(Source records)
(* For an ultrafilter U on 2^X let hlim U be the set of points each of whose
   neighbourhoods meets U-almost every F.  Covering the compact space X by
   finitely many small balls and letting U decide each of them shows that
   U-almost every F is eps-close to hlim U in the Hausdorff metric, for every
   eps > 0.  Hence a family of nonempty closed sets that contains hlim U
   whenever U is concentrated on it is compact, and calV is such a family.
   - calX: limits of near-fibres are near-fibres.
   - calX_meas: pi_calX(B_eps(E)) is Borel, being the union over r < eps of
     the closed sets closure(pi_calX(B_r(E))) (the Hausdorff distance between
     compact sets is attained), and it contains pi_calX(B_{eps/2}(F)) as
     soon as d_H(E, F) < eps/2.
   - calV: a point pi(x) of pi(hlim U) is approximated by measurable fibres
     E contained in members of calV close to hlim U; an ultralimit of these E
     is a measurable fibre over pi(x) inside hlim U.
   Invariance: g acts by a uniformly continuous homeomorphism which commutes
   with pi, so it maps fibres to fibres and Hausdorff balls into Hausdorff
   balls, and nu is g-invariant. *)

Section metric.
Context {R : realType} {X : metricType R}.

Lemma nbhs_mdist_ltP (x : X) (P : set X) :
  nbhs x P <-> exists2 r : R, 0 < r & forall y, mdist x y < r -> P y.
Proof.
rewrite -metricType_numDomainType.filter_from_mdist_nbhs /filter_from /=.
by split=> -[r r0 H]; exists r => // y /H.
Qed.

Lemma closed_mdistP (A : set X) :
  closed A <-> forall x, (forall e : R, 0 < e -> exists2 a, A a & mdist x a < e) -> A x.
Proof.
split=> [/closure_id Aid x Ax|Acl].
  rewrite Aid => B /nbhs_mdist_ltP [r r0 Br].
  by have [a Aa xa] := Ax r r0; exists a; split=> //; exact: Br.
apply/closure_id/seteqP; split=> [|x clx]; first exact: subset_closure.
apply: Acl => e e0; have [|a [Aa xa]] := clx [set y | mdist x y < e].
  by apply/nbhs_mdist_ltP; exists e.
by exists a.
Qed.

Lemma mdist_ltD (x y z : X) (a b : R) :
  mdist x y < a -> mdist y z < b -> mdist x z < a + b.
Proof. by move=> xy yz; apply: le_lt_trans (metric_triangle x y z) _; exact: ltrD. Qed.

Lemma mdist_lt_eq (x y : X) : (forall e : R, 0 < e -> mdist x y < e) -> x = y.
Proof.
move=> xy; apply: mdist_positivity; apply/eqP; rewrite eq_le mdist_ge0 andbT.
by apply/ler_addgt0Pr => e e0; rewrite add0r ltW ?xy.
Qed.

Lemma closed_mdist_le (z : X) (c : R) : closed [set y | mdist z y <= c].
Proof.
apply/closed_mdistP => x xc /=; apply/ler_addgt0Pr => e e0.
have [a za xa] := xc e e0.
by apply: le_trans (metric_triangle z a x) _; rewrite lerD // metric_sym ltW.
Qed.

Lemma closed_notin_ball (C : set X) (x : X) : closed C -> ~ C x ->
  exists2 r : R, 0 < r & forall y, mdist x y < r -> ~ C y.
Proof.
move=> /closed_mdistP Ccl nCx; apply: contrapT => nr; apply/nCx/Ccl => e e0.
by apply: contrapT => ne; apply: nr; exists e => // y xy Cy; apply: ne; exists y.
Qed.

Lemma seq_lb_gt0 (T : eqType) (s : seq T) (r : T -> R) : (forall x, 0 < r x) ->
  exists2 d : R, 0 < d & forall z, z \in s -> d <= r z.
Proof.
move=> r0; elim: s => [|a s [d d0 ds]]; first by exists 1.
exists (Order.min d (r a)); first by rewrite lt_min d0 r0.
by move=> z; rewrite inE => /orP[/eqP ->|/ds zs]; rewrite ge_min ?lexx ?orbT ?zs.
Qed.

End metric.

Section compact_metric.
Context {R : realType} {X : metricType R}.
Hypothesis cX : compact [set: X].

--

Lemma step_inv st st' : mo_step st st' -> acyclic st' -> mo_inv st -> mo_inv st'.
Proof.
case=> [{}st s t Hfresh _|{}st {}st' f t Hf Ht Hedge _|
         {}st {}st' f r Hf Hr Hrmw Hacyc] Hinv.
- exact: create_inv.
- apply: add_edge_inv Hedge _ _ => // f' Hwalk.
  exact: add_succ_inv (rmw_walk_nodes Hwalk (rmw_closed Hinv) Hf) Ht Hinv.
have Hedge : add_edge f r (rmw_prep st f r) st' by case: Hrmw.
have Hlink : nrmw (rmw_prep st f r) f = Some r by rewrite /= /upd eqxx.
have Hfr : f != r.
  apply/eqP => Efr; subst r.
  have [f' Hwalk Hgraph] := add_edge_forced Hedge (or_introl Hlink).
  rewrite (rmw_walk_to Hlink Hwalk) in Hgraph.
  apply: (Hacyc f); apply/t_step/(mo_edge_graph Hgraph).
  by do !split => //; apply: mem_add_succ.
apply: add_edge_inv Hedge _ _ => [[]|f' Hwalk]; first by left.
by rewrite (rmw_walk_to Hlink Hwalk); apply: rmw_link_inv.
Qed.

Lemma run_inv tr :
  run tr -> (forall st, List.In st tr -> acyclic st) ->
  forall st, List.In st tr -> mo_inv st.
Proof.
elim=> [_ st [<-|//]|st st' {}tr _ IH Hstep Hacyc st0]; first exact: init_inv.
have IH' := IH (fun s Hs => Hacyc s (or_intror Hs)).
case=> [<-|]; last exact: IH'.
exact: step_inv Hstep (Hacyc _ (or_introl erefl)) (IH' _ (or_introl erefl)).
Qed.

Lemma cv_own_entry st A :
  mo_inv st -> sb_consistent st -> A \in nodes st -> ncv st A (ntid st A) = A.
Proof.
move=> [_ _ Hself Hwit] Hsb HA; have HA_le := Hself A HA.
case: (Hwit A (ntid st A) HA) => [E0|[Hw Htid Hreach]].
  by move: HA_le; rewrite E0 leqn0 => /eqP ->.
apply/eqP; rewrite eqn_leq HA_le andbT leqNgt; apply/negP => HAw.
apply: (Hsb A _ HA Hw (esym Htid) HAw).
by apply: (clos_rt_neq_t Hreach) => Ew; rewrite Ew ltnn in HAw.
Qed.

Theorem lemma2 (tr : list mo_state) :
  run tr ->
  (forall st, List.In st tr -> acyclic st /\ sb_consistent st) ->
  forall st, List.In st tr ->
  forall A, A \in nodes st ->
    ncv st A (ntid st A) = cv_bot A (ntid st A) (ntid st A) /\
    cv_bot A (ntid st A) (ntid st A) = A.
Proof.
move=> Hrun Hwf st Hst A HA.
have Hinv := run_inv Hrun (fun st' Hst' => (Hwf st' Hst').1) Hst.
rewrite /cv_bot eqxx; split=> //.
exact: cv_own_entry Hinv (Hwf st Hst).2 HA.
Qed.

==

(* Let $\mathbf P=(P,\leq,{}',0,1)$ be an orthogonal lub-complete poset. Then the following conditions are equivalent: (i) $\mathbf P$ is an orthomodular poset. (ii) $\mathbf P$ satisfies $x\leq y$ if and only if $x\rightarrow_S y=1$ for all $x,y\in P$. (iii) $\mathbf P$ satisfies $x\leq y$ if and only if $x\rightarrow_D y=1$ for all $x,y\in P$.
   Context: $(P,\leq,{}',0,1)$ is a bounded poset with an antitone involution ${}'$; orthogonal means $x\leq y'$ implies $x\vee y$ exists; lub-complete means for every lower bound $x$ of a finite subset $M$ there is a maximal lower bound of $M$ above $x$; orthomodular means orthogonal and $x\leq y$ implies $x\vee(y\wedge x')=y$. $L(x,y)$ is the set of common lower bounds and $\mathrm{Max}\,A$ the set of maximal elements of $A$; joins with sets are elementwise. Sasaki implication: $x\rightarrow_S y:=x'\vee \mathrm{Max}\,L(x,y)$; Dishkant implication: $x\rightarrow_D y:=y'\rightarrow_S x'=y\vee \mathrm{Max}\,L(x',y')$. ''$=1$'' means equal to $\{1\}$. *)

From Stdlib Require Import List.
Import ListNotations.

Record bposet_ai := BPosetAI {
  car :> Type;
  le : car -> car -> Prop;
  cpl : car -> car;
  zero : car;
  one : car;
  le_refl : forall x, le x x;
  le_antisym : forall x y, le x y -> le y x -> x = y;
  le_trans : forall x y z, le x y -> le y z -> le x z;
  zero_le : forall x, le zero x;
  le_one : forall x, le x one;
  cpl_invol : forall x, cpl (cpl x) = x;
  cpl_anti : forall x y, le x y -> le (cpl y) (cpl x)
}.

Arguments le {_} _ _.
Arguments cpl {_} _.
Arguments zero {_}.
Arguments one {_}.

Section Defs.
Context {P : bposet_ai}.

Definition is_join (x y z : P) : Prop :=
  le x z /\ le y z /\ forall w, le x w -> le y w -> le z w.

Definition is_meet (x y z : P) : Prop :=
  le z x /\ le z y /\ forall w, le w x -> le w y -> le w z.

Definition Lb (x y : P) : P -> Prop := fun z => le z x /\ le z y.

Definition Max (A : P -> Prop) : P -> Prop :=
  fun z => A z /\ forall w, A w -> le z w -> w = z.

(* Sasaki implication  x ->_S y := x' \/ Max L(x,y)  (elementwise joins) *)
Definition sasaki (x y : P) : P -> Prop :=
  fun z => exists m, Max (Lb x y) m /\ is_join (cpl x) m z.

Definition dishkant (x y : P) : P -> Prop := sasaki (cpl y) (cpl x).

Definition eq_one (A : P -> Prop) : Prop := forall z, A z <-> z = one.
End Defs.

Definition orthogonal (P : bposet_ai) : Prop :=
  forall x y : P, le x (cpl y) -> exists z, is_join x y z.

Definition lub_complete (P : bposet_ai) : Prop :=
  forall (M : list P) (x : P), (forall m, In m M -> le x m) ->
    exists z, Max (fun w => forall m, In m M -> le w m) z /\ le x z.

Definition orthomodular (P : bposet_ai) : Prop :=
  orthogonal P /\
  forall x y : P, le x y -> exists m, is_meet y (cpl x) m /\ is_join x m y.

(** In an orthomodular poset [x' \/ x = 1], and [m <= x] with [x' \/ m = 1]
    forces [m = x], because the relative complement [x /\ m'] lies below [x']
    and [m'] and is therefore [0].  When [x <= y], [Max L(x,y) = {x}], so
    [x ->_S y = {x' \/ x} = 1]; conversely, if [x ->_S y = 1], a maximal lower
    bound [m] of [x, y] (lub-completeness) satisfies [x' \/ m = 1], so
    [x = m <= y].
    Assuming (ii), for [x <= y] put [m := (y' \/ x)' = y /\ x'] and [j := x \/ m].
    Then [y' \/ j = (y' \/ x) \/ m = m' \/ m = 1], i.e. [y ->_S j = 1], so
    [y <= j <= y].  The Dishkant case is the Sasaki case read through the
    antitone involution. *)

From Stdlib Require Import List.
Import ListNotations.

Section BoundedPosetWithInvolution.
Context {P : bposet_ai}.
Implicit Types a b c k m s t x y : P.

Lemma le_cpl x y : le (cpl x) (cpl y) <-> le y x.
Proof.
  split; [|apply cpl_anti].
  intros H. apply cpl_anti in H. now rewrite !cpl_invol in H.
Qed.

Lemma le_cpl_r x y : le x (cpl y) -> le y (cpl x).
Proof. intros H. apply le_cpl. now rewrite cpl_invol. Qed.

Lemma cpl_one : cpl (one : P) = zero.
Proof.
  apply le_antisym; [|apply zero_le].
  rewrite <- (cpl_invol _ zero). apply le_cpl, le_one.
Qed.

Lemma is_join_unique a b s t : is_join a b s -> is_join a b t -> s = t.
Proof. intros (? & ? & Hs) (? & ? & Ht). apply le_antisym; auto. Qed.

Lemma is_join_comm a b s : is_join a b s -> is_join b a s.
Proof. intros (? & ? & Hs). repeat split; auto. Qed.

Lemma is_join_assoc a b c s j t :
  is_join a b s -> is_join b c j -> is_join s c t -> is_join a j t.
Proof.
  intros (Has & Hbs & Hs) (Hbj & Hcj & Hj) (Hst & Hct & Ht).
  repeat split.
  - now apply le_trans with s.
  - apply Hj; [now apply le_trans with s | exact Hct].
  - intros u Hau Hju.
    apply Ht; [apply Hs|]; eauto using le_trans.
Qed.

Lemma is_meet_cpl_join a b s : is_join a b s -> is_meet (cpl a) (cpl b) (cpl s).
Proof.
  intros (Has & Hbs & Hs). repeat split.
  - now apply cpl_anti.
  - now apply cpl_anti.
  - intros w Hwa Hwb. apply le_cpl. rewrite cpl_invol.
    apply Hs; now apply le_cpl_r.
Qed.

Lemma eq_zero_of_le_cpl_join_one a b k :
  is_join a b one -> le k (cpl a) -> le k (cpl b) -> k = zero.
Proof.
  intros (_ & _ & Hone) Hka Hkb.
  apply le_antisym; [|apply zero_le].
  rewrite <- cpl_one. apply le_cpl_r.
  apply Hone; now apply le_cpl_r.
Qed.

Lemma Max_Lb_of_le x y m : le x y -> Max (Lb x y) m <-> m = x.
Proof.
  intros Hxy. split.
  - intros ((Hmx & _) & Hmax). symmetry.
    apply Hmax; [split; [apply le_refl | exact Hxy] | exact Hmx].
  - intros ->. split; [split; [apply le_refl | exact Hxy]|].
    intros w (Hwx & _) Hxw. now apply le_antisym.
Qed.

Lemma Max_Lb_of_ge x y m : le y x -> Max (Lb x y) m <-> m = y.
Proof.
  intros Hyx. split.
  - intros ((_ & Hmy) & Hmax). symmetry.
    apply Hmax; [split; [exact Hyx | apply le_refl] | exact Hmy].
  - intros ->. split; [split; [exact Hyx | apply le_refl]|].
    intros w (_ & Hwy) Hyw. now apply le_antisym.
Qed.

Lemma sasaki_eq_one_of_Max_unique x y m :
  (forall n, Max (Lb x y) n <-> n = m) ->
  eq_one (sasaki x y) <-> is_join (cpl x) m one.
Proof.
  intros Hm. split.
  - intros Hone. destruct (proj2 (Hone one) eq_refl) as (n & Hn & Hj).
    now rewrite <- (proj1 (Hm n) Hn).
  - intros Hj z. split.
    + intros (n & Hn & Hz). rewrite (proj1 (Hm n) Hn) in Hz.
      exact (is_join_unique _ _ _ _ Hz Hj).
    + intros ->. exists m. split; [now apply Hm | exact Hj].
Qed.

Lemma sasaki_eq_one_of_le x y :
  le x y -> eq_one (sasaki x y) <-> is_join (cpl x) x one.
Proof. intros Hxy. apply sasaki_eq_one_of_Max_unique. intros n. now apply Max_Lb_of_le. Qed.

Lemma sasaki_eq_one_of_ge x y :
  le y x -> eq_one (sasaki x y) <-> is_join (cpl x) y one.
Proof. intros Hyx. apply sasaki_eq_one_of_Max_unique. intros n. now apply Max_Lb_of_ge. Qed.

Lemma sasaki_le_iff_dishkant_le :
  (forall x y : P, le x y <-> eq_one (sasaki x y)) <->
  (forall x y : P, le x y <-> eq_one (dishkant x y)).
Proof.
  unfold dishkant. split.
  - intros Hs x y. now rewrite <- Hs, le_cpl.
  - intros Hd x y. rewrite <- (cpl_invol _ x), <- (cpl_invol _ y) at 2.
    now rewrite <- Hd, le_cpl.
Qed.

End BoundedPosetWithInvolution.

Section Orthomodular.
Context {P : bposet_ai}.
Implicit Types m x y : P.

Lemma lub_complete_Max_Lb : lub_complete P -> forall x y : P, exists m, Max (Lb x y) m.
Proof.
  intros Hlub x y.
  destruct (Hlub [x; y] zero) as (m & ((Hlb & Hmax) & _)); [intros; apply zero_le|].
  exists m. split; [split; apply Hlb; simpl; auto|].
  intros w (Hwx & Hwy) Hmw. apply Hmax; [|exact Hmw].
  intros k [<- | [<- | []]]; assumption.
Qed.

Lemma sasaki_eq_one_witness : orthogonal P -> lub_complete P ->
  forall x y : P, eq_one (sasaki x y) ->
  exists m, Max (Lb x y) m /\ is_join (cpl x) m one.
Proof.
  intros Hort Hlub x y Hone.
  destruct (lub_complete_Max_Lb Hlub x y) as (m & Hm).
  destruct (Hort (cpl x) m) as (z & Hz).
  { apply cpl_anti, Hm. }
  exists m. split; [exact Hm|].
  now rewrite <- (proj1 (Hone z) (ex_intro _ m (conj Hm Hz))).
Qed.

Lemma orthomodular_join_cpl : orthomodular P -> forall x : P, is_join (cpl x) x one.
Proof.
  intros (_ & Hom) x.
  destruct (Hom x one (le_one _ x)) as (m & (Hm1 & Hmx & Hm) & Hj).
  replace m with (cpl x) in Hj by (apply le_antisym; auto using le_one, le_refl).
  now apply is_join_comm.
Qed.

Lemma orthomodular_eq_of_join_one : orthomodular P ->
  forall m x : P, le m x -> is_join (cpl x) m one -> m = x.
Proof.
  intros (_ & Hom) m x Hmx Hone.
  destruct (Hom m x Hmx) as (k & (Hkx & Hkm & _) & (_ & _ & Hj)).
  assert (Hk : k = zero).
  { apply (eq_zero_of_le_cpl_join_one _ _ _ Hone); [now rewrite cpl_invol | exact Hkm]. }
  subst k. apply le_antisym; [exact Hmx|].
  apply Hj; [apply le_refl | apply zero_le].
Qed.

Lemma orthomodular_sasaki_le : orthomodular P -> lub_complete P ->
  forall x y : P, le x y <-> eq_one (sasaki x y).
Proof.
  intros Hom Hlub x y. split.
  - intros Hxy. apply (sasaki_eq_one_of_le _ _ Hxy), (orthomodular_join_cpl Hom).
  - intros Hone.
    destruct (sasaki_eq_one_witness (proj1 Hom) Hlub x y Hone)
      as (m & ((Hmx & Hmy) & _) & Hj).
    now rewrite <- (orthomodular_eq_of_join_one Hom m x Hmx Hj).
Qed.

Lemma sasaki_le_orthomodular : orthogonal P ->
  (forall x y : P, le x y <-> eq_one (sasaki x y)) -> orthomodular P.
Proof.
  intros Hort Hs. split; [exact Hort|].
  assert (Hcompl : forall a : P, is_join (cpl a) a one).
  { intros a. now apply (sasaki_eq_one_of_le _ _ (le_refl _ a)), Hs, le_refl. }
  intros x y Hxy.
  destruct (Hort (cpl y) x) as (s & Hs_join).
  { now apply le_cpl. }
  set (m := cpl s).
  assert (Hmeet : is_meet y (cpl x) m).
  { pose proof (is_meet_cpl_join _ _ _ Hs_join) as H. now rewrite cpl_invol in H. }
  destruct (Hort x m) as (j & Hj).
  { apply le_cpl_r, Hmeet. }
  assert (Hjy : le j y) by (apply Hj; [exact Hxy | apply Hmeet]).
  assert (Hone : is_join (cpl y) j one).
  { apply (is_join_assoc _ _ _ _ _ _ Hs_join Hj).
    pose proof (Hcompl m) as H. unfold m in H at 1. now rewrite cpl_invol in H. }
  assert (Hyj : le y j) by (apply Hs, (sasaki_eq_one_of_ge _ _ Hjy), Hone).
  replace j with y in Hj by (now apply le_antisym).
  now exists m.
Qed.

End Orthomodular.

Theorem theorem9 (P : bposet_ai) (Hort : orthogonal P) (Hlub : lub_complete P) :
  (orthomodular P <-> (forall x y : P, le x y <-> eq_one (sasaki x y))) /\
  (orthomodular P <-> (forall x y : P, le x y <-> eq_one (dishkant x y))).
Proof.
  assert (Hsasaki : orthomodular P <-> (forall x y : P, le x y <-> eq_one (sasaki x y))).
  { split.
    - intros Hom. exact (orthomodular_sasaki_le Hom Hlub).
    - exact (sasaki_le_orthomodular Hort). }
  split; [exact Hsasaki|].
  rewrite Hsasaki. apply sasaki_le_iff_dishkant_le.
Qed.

## Exercise
Only lines holding the string "Hlub" are wanted; gather each one from the entries above.

## Solution for this exercise
  intros Hlub x y.
  destruct (Hlub [x; y] zero) as (m & ((Hlb & Hmax) & _)); [intros; apply zero_le|].
  intros Hort Hlub x y Hone.
  destruct (lub_complete_Max_Lb Hlub x y) as (m & Hm).
  intros Hom Hlub x y. split.
    destruct (sasaki_eq_one_witness (proj1 Hom) Hlub x y Hone)
Theorem theorem9 (P : bposet_ai) (Hort : orthogonal P) (Hlub : lub_complete P) :
    - intros Hom. exact (orthomodular_sasaki_le Hom Hlub).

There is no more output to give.